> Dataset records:
- - -

Theorem theorem6
  (N m : nat) (HN : (1 <= N)%nat) (Hm : (1 <= m)%nat)
  (H : nat -> nat -> R) (z : nat -> R)
  (Hunit : forall i, (i < N)%nat -> vnorm m (H i) = 1)
  (Hcase3 : ~ in_col_space N m H z)
  (Hrank : full_col_rank N m H)
  (ystar : nat -> R)
  (Hls : forall y : nat -> R, resid2 N m H z ystar <= resid2 N m H z y)
  (E : nat -> nat -> bool)
  (Hbid : bidirectional N E) (Hconn : strongly_connected N E)
  (a : nat -> nat -> R)
  (Hsym : forall i j, (i < N)%nat -> (j < N)%nat -> a i j = a j i)
  (Hpos : forall i j, (i < N)%nat -> (j < N)%nat -> E j i = true -> 0 < a i j) :
  forall eps, 0 < eps ->
    exists Kstar, 0 < Kstar /\
      forall K, Kstar <= K ->
        forall x : R -> nat -> nat -> R,
          is_flow_solution N m H z E a K x ->
          exists xinf : nat -> nat -> R,
            (forall i k, (i < N)%nat -> (k < m)%nat ->
               lim_at_infty (fun t => x t i k) (xinf i k)) /\
            (forall i, (i < N)%nat ->
               vnorm m (fun k => xinf i k - ystar k) <= eps).
Proof.
(* [Hcase3] only makes the residual nonzero; the argument does not need it. *)
intros eps Heps.
pose proof (weight_sym_of_bidirectional N E a Hbid Hsym) as Wsym.
pose proof (weight_nonneg_of_pos N E a Hpos) as Wnn.
pose proof (weight_pos_of_arc N E a Hpos) as Wpos.
assert (Hrows : forall i, (i < N)%nat -> dot m (H i) (H i) = 1)
  by (intros; apply dot_self_of_vnorm; auto).
destruct (spread_le_dirichlet N m E a Wnn Wpos (fun i Hi => Hconn 0%nat i ltac:(lia) Hi))
  as [Cd [HCd Hspread]].
destruct (LeftInverse.full_col_rank_left_inv N m H ltac:(lia) ltac:(lia) Hrank) as [G HG].
destruct (sum_sq_coercive_of_left_inv N m H G HG) as [beta [Hbeta0 [Hbeta1 Hbeta]]].
set (M := 2 * resid2 N m H z ystar * (/ beta + 1) / (eps * eps)).
assert (HM : 0 <= M).
{ apply Rle_mult_inv_pos; [|nra].
  pose proof (Rinv_0_lt_compat _ Hbeta0). pose proof (resid2_nonneg N m H z ystar). nra. }
exists (2 * Cd * (2 + M)). split; [nra|]. intros K HK x Hx.
assert (HK0 : 0 <= K) by nra.
set (alpha := K / (2 * Cd) - 1).
assert (Halpha : 1 + M <= alpha).
{ unfold alpha. apply Rmult_le_reg_l with (2 * Cd); [lra|].
  replace (2 * Cd * (K / (2 * Cd) - 1)) with (K - 2 * Cd) by (field; lra). lra. }
assert (Henergy : forall e, alpha * spread N m e + beta / 2 * dot m (e 0%nat) (e 0%nat)
                            <= - inner N m e (flow_lin N m H E a K e))
  by (intros; apply energy_lower_bound; auto; lra).
assert (Hc : 0 < beta / (4 * (INR N + 1)))
  by (pose proof (pos_INR N); apply Rdiv_lt_0_compat; lra).
pose proof (flow_lin_coercive N m H E a alpha beta K ltac:(lra) ltac:(lra) Henergy) as Hcoer.
destruct (flow_converges_to_equilibrium N m H z E a _ K x Hc Hcoer Hx) as [xinf [Hlim Heq]].
exists xinf. split; [exact Hlim|]. intros i Hi.
pose proof (equilibrium_error_sq_le N m H z E a Hrows alpha beta K xinf ystar
              ltac:(lra) Hbeta0 Henergy Hls Heq i Hi) as Herr.
replace (2 * resid2 N m H z ystar * (/ beta + 1) / alpha) with (M / alpha * (eps * eps)) in Herr
  by (unfold M; field; lra).
apply vnorm_le_of_dot_le; [lra|].
apply Rle_trans with (M / alpha * (eps * eps)); [assumption|].
assert (M / alpha <= 1) by (apply Rmult_le_reg_r with alpha; [|field_simplify]; lra).
nra.
Qed.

- - -

> What you should do: Exactly as they stand, repeat all the records.

> Response area:
Theorem theorem6
  (N m : nat) (HN : (1 <= N)%nat) (Hm : (1 <= m)%nat)
  (H : nat -> nat -> R) (z : nat -> R)
  (Hunit : forall i, (i < N)%nat -> vnorm m (H i) = 1)
  (Hcase3 : ~ in_col_space N m H z)
  (Hrank : full_col_rank N m H)
  (ystar : nat -> R)
  (Hls : forall y : nat -> R, resid2 N m H z ystar <= resid2 N m H z y)
  (E : nat -> nat -> bool)
  (Hbid : bidirectional N E) (Hconn : strongly_connected N E)
  (a : nat -> nat -> R)
  (Hsym : forall i j, (i < N)%nat -> (j < N)%nat -> a i j = a j i)
  (Hpos : forall i j, (i < N)%nat -> (j < N)%nat -> E j i = true -> 0 < a i j) :
  forall eps, 0 < eps ->
    exists Kstar, 0 < Kstar /\
      forall K, Kstar <= K ->
        forall x : R -> nat -> nat -> R,
          is_flow_solution N m H z E a K x ->
          exists xinf : nat -> nat -> R,
            (forall i k, (i < N)%nat -> (k < m)%nat ->
               lim_at_infty (fun t => x t i k) (xinf i k)) /\
            (forall i, (i < N)%nat ->
               vnorm m (fun k => xinf i k - ystar k) <= eps).
Proof.
(* [Hcase3] only makes the residual nonzero; the argument does not need it. *)
intros eps Heps.
pose proof (weight_sym_of_bidirectional N E a Hbid Hsym) as Wsym.
pose proof (weight_nonneg_of_pos N E a Hpos) as Wnn.
pose proof (weight_pos_of_arc N E a Hpos) as Wpos.
assert (Hrows : forall i, (i < N)%nat -> dot m (H i) (H i) = 1)
  by (intros; apply dot_self_of_vnorm; auto).
destruct (spread_le_dirichlet N m E a Wnn Wpos (fun i Hi => Hconn 0%nat i ltac:(lia) Hi))
  as [Cd [HCd Hspread]].
destruct (LeftInverse.full_col_rank_left_inv N m H ltac:(lia) ltac:(lia) Hrank) as [G HG].
destruct (sum_sq_coercive_of_left_inv N m H G HG) as [beta [Hbeta0 [Hbeta1 Hbeta]]].
set (M := 2 * resid2 N m H z ystar * (/ beta + 1) / (eps * eps)).
assert (HM : 0 <= M).
{ apply Rle_mult_inv_pos; [|nra].
  pose proof (Rinv_0_lt_compat _ Hbeta0). pose proof (resid2_nonneg N m H z ystar). nra. }
exists (2 * Cd * (2 + M)). split; [nra|]. intros K HK x Hx.
assert (HK0 : 0 <= K) by nra.
set (alpha := K / (2 * Cd) - 1).
assert (Halpha : 1 + M <= alpha).
{ unfold alpha. apply Rmult_le_reg_l with (2 * Cd); [lra|].
  replace (2 * Cd * (K / (2 * Cd) - 1)) with (K - 2 * Cd) by (field; lra). lra. }
assert (Henergy : forall e, alpha * spread N m e + beta / 2 * dot m (e 0%nat) (e 0%nat)
                            <= - inner N m e (flow_lin N m H E a K e))
  by (intros; apply energy_lower_bound; auto; lra).
assert (Hc : 0 < beta / (4 * (INR N + 1)))
  by (pose proof (pos_INR N); apply Rdiv_lt_0_compat; lra).
pose proof (flow_lin_coercive N m H E a alpha beta K ltac:(lra) ltac:(lra) Henergy) as Hcoer.
destruct (flow_converges_to_equilibrium N m H z E a _ K x Hc Hcoer Hx) as [xinf [Hlim Heq]].
exists xinf. split; [exact Hlim|]. intros i Hi.
pose proof (equilibrium_error_sq_le N m H z E a Hrows alpha beta K xinf ystar
              ltac:(lra) Hbeta0 Henergy Hls Heq i Hi) as Herr.
replace (2 * resid2 N m H z ystar * (/ beta + 1) / alpha) with (M / alpha * (eps * eps)) in Herr
  by (unfold M; field; lra).
apply vnorm_le_of_dot_le; [lra|].
apply Rle_trans with (M / alpha * (eps * eps)); [assumption|].
assert (M / alpha <= 1) by (apply Rmult_le_reg_r with alpha; [|field_simplify]; lra).
nra.
Qed.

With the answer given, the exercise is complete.